[Stored data entries]
^^^^

(* Let $n\geq 4$. Then there are exactly $8$ $F_n$-good matrices, and under matrix multiplication over $\mathbb{Z}_2$ they form a group isomorphic to the dihedral group $D_4$ of order $8$. For $n=3$, there are exactly $6$ $F_3$-good matrices, and under matrix multiplication they form a group isomorphic to the symmetric group $\mathfrak{S}_3$.
   Context: For $n\geq 1$, the Fibonacci cube $F_n$ is identified with the set of vectors $\vec{x}=(x_1,\ldots,x_n)\in\mathbb{Z}_2^n$ having no two adjacent ones, i.e. there is no $i$ with $1\leq i\leq n-1$ and $x_i=x_{i+1}=1$. An $n\times n$ matrix $A$ with entries in $\mathbb{Z}_2$ is called $F_n$-good if $A$ is invertible over $\mathbb{Z}_2$ and $A\vec{x}\in F_n$ for every $\vec{x}\in F_n$ (such matrices are the ''linear permutations'' of $F_n$). *)

From HB Require Import structures.
From mathcomp Require Import all_boot all_order all_algebra all_fingroup all_solvable.
Set Implicit Arguments. Unset Strict Implicit. Unset Printing Implicit Defensive.
Import GRing.Theory.
Local Open Scope ring_scope.

(* Vectors of Z_2^n are column vectors 'cV['F_2]_n; coordinate i is x i 0. *)

(* x is a vertex of the Fibonacci cube F_n: no two adjacent ones,
   i.e. no i with x_i = x_{i+1} = 1. *)
Definition fib_vec (n : nat) (x : 'cV['F_2]_n) : bool :=
  [forall i : 'I_n, forall j : 'I_n,
     (nat_of_ord j == (nat_of_ord i).+1)%N ==> ~~ ((x i 0 == 1) && (x j 0 == 1))].

Definition Fgood (n : nat) (A : 'M['F_2]_n) : bool :=
  (A \in unitmx) && [forall x : 'cV['F_2]_n, fib_vec x ==> fib_vec (A *m x)].

From HB Require Import structures.
From mathcomp Require Import all_boot all_order all_algebra all_fingroup all_solvable.
From mathcomp Require Import zify.
Import GRing.Theory.

Set Implicit Arguments.
Unset Strict Implicit.
Unset Printing Implicit Defensive.
(* Fix $0<\alpha'<\alpha<1$ and $a>0$. There exists $b>0$ such that for every integer $s\ge1$, $$\max_{\alpha' s\le k\le \alpha s}\ \mathbb E_k\Big[\exp\Big\{\frac{a\max_{0\le t\le 2s}x(t)}{\sqrt s}\Big\}\Big]\le b.$$
   Context: A Dyck path of length $2s$ is a sequence $x(0),\dots,x(2s)$ of integers with $x(0)=x(2s)=0$, $x(t)\ge0$ and $x(t)-x(t-1)=\pm1$. Step $t$ (from $t-1$ to $t$) is called odd if $t$ is odd. $\mathcal X_{s,k}$ is the set of Dyck paths of length $2s$ having exactly $k$ up steps at odd instants (its cardinality is the Narayana number $\frac1s\binom sk\binom s{k-1}$), and $\mathbb E_k$, $\mathbb P_k$ denote expectation and probability under the uniform distribution on $\mathcal X_{s,k}$. *)

From Stdlib Require Import Reals ZArith List Bool.
Import ListNotations.

(* A path of length n is encoded by its list of n steps: true = up (+1), false = down (-1).
   Step number t (1-based) is the t-th element of the list. *)

Fixpoint all_paths (n : nat) : list (list bool) :=
  match n with
  | O => [[]]
  | S m => map (cons true) (all_paths m) ++ map (cons false) (all_paths m)
  end.

Fixpoint heights_from (h : Z) (p : list bool) : list Z :=
  match p with
  | [] => []
  | b :: q => let h' := (if b then h + 1 else h - 1)%Z in h' :: heights_from h' q
  end.

Definition is_dyck (p : list bool) : bool :=
  forallb (fun h => (0 <=? h)%Z) (heights_from 0 p)
  && Z.eqb (last (0%Z :: heights_from 0 p) 0%Z) 0%Z.

Fixpoint ups_at_odd (odd : bool) (p : list bool) : nat :=
  match p with
  | [] => O
  | b :: q => ((if odd && b then 1 else 0) + ups_at_odd (negb odd) q)%nat
  end.

Definition odd_ups (p : list bool) : nat := ups_at_odd true p.

Definition X (s k : nat) : list (list bool) :=
  filter (fun p => is_dyck p && Nat.eqb (odd_ups p) k) (all_paths (2 * s)).

Definition max_height (p : list bool) : Z :=
  fold_right Z.max 0%Z (heights_from 0 p).

Definition Ek (s k : nat) (f : list bool -> R) : R :=
  (fold_right (fun p acc => (f p + acc)%R) 0%R (X s k) / INR (length (X s k)))%R.

From Stdlib Require Import Reals ZArith List Bool Lia Lra Psatz.
Import ListNotations.

(* A path of X_{s,k} is read as s pairs (odd step, even step).  Its odd steps
   form a bit string a with k ones, and the complements of its even steps,
   shifted by one pair, form a bit string q with k - 1 ones.  The walk with
   increments d_i = a_i - q_i has total 1, its partial sums essentially give the
   heights at odd times (so the height is at most twice the maximum of the walk),
   and the path is Dyck iff these partial sums stay positive (section Encoding).
   - Cycle lemma: exactly one rotation of any pair with k and k - 1 ones has a
     positive walk, hence s |X_{s,k}| >= C(s,k) C(s,k-1) (CycleLemma, Rotations).
   - Reflection: pairs whose walk reaches level h are at most C(s,q+h) C(s,p-h)
     (Reflection), and these products decay like exp(-h^2/2s) (BinomialDecay).
   - Rotating a walk changes its maximum by at most its range, so s times the
     number of paths of height >= m >= 4H + 2 is at most the number of pairs
     whose walk rises, or falls, by H; hence P_k(max x >= m) <= 2 exp(-(H-1)H/2s)
     uniformly in k (Rotations, TailBound).
   - Summing this Gaussian tail against the increments of m |-> exp(a m/sqrt s)
     (layer-cake formula) bounds E_k[exp(a max x/sqrt s)] by 1 + 2a exp(K(a)) for
     every s >= 1 and every k (Summation, Moment).  The theorem follows. *)

Lemma length_le_injection {A B} (f : A -> B) (L : list A) (L' : list B) :
  NoDup L -> (forall x y, In x L -> In y L -> f x = f y -> x = y) ->
  (forall x, In x L -> In (f x) L') -> (length L <= length L')%nat.
Proof.
  intros Hnd Hinj Hin. rewrite <- (length_map f L). apply NoDup_incl_length.
  - apply NoDup_map_NoDup_ForallPairs; auto.
  - intros y Hy. apply in_map_iff in Hy. destruct Hy as [x [<- Hx]]. auto.
Qed.

Lemma length_le_surjection {A B} (f : A -> B) (L : list A) (L' : list B) :
  NoDup L' -> (forall y, In y L' -> exists x, In x L /\ f x = y) ->
  (length L' <= length L)%nat.
Proof.
  intros Hnd Hsurj. rewrite <- (length_map f L). apply NoDup_incl_length; auto.
  intros y Hy. apply in_map_iff. destruct (Hsurj y Hy) as [x [Hx <-]]. eauto.
Qed.

Lemma nodup_list_prod {A B} (l : list A) (l' : list B) :
  NoDup l -> NoDup l' -> NoDup (list_prod l l').
Proof.
  induction 1; intros H'; simpl; [constructor|].
  apply NoDup_app; auto.
  - apply NoDup_map_NoDup_ForallPairs; auto. intros u v _ _ [= ->]; auto.
  - intros [u v] H1 H2. apply in_map_iff in H1. destruct H1 as [w [[= <- <-] _]].
    apply in_prod_iff in H2. tauto.
Qed.

Fixpoint ones (l : list bool) : nat :=
  match l with [] => 0 | b :: l' => (if b then 1 else 0) + ones l' end%nat.

Lemma ones_app a b : ones (a ++ b) = (ones a + ones b)%nat.
Proof. induction a; simpl; lia. Qed.

Fixpoint binom (n k : nat) : nat :=
  match n, k with
  | _, O => 1
  | O, S _ => 0
  | S n', S k' => binom n' k' + binom n' (S k')
  end%nat.

Lemma binom_gt n k : (n < k)%nat -> binom n k = 0%nat.
Proof. revert k; induction n; intros [|k] H; simpl; try lia. rewrite !IHn; lia. Qed.

Lemma binom_n_0 n : binom n 0 = 1%nat.
Proof. destruct n; reflexivity. Qed.

Lemma binom_succ n k : ((k + 1) * binom n (k + 1) = (n - k) * binom n k)%nat.
Proof.
  revert k; induction n as [|n IH]; intros k.
  - rewrite Nat.add_1_r. simpl. lia.
  - destruct k as [|k].
    + specialize (IH 0%nat). simpl in *. rewrite binom_n_0 in *. lia.
    + rewrite Nat.add_1_r. cbn [binom].
      pose proof (IH (S k)) as E1. pose proof (IH k) as E2. rewrite Nat.add_1_r in E1, E2.
      replace (S n - S k)%nat with (n - k)%nat by lia.
      destruct (le_lt_dec n k).
      * rewrite (binom_gt n (S k)), (binom_gt n (S (S k))) by lia.
        destruct (Nat.eq_dec n k) as [->|]; [rewrite Nat.sub_diag; lia|].
        rewrite (binom_gt n k) by lia. lia.
      * replace (n - S k)%nat with (n - k - 1)%nat in E1 by lia. nia.
Qed.

Lemma in_all_paths n l : In l (all_paths n) <-> length l = n.
Proof.
  revert l; induction n; intros l; simpl.
  - split; [intros [<-|[]]; reflexivity | destruct l; simpl; try discriminate; auto].
  - rewrite in_app_iff, !in_map_iff. split.
    + intros [[x [<- Hx]]|[x [<- Hx]]]; simpl; f_equal; apply IHn; auto.
    + destruct l as [|b l]; simpl; try discriminate. intros [= H].
      destruct b; [left|right]; exists l; split; auto; apply IHn; auto.
Qed.

Lemma nodup_all_paths n : NoDup (all_paths n).
Proof.
  induction n; simpl.
  - repeat constructor. intros [].
  - apply NoDup_app.
    + apply NoDup_map_NoDup_ForallPairs; auto. intros x y _ _ [= ->]; auto.
    + apply NoDup_map_NoDup_ForallPairs; auto. intros x y _ _ [= ->]; auto.
    + intros x H1 H2. apply in_map_iff in H1, H2.
      destruct H1 as [? [<- _]], H2 as [? [[=] _]].
Qed.

Definition bits (n j : nat) : list (list bool) :=
  filter (fun l => Nat.eqb (ones l) j) (all_paths n).

Lemma in_bits n j l : In l (bits n j) <-> length l = n /\ ones l = j.
Proof. unfold bits. rewrite filter_In, in_all_paths, Nat.eqb_eq. tauto. Qed.

Lemma length_bits n j : length (bits n j) = binom n j.
Proof.
  assert (Hmap : forall (P : list bool -> bool) b L,
    length (filter P (map (cons b) L)) = length (filter (fun l => P (b :: l)) L)).
  { intros P b L. induction L; simpl; auto. destruct (P (b :: a)); simpl; auto. }
  revert j; induction n; intros j; unfold bits in *; simpl.
  - destruct j; reflexivity.
  - rewrite filter_app, length_app, !Hmap. simpl. destruct j as [|j].
    + rewrite IHn, binom_n_0. simpl.
      clear. induction (all_paths n); simpl; auto.
    + rewrite !IHn. reflexivity.
Qed.

Lemma nodup_bits n j : NoDup (bits n j).
Proof. apply NoDup_filter, nodup_all_paths. Qed.

Definition bit_pairs (n p q : nat) : list (list bool * list bool) :=
  list_prod (bits n p) (bits n q).

Lemma length_bit_pairs n p q : length (bit_pairs n p q) = (binom n p * binom n q)%nat.
Proof. unfold bit_pairs. rewrite length_prod, !length_bits. reflexivity. Qed.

^^^^

* What this task involves *
Within the data above, filter for lines containing the word "sums" and copy each one.

* Your solution *
   increments d_i = a_i - q_i has total 1, its partial sums essentially give the
   and the path is Dyck iff these partial sums stay positive (section Encoding).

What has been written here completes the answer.